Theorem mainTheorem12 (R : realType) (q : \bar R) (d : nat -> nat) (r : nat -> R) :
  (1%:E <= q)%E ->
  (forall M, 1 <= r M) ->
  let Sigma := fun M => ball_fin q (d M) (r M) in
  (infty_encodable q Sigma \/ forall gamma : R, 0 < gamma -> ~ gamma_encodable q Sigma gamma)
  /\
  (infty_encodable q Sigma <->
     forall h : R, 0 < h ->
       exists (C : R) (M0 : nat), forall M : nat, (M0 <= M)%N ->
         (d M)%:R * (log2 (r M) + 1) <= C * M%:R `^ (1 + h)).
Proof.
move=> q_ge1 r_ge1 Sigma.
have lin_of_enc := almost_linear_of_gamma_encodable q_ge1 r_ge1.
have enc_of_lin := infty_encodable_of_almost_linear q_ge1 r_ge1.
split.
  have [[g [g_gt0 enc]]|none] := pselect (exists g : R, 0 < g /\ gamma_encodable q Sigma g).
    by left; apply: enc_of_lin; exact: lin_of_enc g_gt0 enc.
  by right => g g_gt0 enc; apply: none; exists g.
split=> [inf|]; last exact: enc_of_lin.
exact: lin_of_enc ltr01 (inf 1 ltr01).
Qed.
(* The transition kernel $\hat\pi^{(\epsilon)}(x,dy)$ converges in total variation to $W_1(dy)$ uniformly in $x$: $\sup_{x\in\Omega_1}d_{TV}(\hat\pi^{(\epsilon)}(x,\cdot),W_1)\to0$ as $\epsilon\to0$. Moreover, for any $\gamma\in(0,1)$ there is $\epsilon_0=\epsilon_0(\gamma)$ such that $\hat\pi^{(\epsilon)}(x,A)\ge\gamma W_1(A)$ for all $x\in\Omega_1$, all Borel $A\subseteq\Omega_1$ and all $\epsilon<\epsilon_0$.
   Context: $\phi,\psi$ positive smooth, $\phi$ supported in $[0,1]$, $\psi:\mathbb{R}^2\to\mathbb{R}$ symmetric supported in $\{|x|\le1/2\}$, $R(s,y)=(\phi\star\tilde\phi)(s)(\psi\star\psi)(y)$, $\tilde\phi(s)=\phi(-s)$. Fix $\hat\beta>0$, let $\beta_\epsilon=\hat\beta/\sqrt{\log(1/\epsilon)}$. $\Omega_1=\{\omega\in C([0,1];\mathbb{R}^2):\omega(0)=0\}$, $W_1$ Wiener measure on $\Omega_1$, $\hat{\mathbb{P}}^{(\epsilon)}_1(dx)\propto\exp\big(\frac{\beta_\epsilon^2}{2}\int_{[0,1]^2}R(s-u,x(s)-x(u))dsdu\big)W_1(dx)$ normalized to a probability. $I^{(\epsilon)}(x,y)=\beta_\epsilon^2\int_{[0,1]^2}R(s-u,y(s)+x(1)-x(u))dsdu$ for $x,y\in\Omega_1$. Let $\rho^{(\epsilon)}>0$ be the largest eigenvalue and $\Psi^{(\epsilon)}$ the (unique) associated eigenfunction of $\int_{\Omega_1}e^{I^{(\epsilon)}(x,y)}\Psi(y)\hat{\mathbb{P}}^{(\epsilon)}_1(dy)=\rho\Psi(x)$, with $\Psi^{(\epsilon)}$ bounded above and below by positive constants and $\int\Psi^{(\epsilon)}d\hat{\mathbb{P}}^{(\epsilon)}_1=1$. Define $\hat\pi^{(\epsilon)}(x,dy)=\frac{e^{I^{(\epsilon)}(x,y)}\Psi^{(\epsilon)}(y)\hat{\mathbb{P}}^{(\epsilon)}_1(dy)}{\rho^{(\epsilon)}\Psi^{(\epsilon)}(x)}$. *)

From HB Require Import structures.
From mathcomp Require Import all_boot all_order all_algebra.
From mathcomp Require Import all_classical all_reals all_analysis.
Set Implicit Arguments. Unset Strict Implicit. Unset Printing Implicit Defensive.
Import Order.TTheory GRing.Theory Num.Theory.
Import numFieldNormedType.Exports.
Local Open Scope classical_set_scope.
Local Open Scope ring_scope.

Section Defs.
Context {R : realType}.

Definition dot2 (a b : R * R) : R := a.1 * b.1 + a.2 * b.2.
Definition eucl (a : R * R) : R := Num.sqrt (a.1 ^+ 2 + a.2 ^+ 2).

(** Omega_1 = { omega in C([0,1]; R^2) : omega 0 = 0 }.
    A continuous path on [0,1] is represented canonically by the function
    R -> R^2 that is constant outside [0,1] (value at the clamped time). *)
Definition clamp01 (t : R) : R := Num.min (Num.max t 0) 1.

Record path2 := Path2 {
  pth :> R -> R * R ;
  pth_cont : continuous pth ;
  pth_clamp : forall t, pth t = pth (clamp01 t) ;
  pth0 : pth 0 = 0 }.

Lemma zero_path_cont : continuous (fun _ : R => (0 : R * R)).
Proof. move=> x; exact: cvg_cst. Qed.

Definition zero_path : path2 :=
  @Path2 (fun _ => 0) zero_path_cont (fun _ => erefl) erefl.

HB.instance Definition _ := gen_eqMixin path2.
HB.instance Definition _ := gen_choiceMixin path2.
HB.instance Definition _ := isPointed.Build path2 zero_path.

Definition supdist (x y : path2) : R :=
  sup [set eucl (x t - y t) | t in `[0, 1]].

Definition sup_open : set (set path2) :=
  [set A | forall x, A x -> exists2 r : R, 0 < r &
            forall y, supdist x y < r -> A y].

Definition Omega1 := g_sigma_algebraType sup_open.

******************************

* REQUIRED WORK *
All entries must be given again exactly.

* ANSWER TO THE PROBLEM *
Theorem mainTheorem12 (R : realType) (q : \bar R) (d : nat -> nat) (r : nat -> R) :
  (1%:E <= q)%E ->
  (forall M, 1 <= r M) ->
  let Sigma := fun M => ball_fin q (d M) (r M) in
  (infty_encodable q Sigma \/ forall gamma : R, 0 < gamma -> ~ gamma_encodable q Sigma gamma)
  /\
  (infty_encodable q Sigma <->
     forall h : R, 0 < h ->
       exists (C : R) (M0 : nat), forall M : nat, (M0 <= M)%N ->
         (d M)%:R * (log2 (r M) + 1) <= C * M%:R `^ (1 + h)).
Proof.
move=> q_ge1 r_ge1 Sigma.
have lin_of_enc := almost_linear_of_gamma_encodable q_ge1 r_ge1.
have enc_of_lin := infty_encodable_of_almost_linear q_ge1 r_ge1.
split.
  have [[g [g_gt0 enc]]|none] := pselect (exists g : R, 0 < g /\ gamma_encodable q Sigma g).
    by left; apply: enc_of_lin; exact: lin_of_enc g_gt0 enc.
  by right => g g_gt0 enc; apply: none; exists g.
split=> [inf|]; last exact: enc_of_lin.
exact: lin_of_enc ltr01 (inf 1 ltr01).
Qed.
(* The transition kernel $\hat\pi^{(\epsilon)}(x,dy)$ converges in total variation to $W_1(dy)$ uniformly in $x$: $\sup_{x\in\Omega_1}d_{TV}(\hat\pi^{(\epsilon)}(x,\cdot),W_1)\to0$ as $\epsilon\to0$. Moreover, for any $\gamma\in(0,1)$ there is $\epsilon_0=\epsilon_0(\gamma)$ such that $\hat\pi^{(\epsilon)}(x,A)\ge\gamma W_1(A)$ for all $x\in\Omega_1$, all Borel $A\subseteq\Omega_1$ and all $\epsilon<\epsilon_0$.
   Context: $\phi,\psi$ positive smooth, $\phi$ supported in $[0,1]$, $\psi:\mathbb{R}^2\to\mathbb{R}$ symmetric supported in $\{|x|\le1/2\}$, $R(s,y)=(\phi\star\tilde\phi)(s)(\psi\star\psi)(y)$, $\tilde\phi(s)=\phi(-s)$. Fix $\hat\beta>0$, let $\beta_\epsilon=\hat\beta/\sqrt{\log(1/\epsilon)}$. $\Omega_1=\{\omega\in C([0,1];\mathbb{R}^2):\omega(0)=0\}$, $W_1$ Wiener measure on $\Omega_1$, $\hat{\mathbb{P}}^{(\epsilon)}_1(dx)\propto\exp\big(\frac{\beta_\epsilon^2}{2}\int_{[0,1]^2}R(s-u,x(s)-x(u))dsdu\big)W_1(dx)$ normalized to a probability. $I^{(\epsilon)}(x,y)=\beta_\epsilon^2\int_{[0,1]^2}R(s-u,y(s)+x(1)-x(u))dsdu$ for $x,y\in\Omega_1$. Let $\rho^{(\epsilon)}>0$ be the largest eigenvalue and $\Psi^{(\epsilon)}$ the (unique) associated eigenfunction of $\int_{\Omega_1}e^{I^{(\epsilon)}(x,y)}\Psi(y)\hat{\mathbb{P}}^{(\epsilon)}_1(dy)=\rho\Psi(x)$, with $\Psi^{(\epsilon)}$ bounded above and below by positive constants and $\int\Psi^{(\epsilon)}d\hat{\mathbb{P}}^{(\epsilon)}_1=1$. Define $\hat\pi^{(\epsilon)}(x,dy)=\frac{e^{I^{(\epsilon)}(x,y)}\Psi^{(\epsilon)}(y)\hat{\mathbb{P}}^{(\epsilon)}_1(dy)}{\rho^{(\epsilon)}\Psi^{(\epsilon)}(x)}$. *)

From HB Require Import structures.
From mathcomp Require Import all_boot all_order all_algebra.
From mathcomp Require Import all_classical all_reals all_analysis.
Set Implicit Arguments. Unset Strict Implicit. Unset Printing Implicit Defensive.
Import Order.TTheory GRing.Theory Num.Theory.
Import numFieldNormedType.Exports.
Local Open Scope classical_set_scope.
Local Open Scope ring_scope.

Section Defs.
Context {R : realType}.

Definition dot2 (a b : R * R) : R := a.1 * b.1 + a.2 * b.2.
Definition eucl (a : R * R) : R := Num.sqrt (a.1 ^+ 2 + a.2 ^+ 2).

(** Omega_1 = { omega in C([0,1]; R^2) : omega 0 = 0 }.
    A continuous path on [0,1] is represented canonically by the function
    R -> R^2 that is constant outside [0,1] (value at the clamped time). *)
Definition clamp01 (t : R) : R := Num.min (Num.max t 0) 1.

Record path2 := Path2 {
  pth :> R -> R * R ;
  pth_cont : continuous pth ;
  pth_clamp : forall t, pth t = pth (clamp01 t) ;
  pth0 : pth 0 = 0 }.

Lemma zero_path_cont : continuous (fun _ : R => (0 : R * R)).
Proof. move=> x; exact: cvg_cst. Qed.

Definition zero_path : path2 :=
  @Path2 (fun _ => 0) zero_path_cont (fun _ => erefl) erefl.

HB.instance Definition _ := gen_eqMixin path2.
HB.instance Definition _ := gen_choiceMixin path2.
HB.instance Definition _ := isPointed.Build path2 zero_path.

Definition supdist (x y : path2) : R :=
  sup [set eucl (x t - y t) | t in `[0, 1]].

Definition sup_open : set (set path2) :=
  [set A | forall x, A x -> exists2 r : R, 0 < r &
            forall y, supdist x y < r -> A y].

Definition Omega1 := g_sigma_algebraType sup_open.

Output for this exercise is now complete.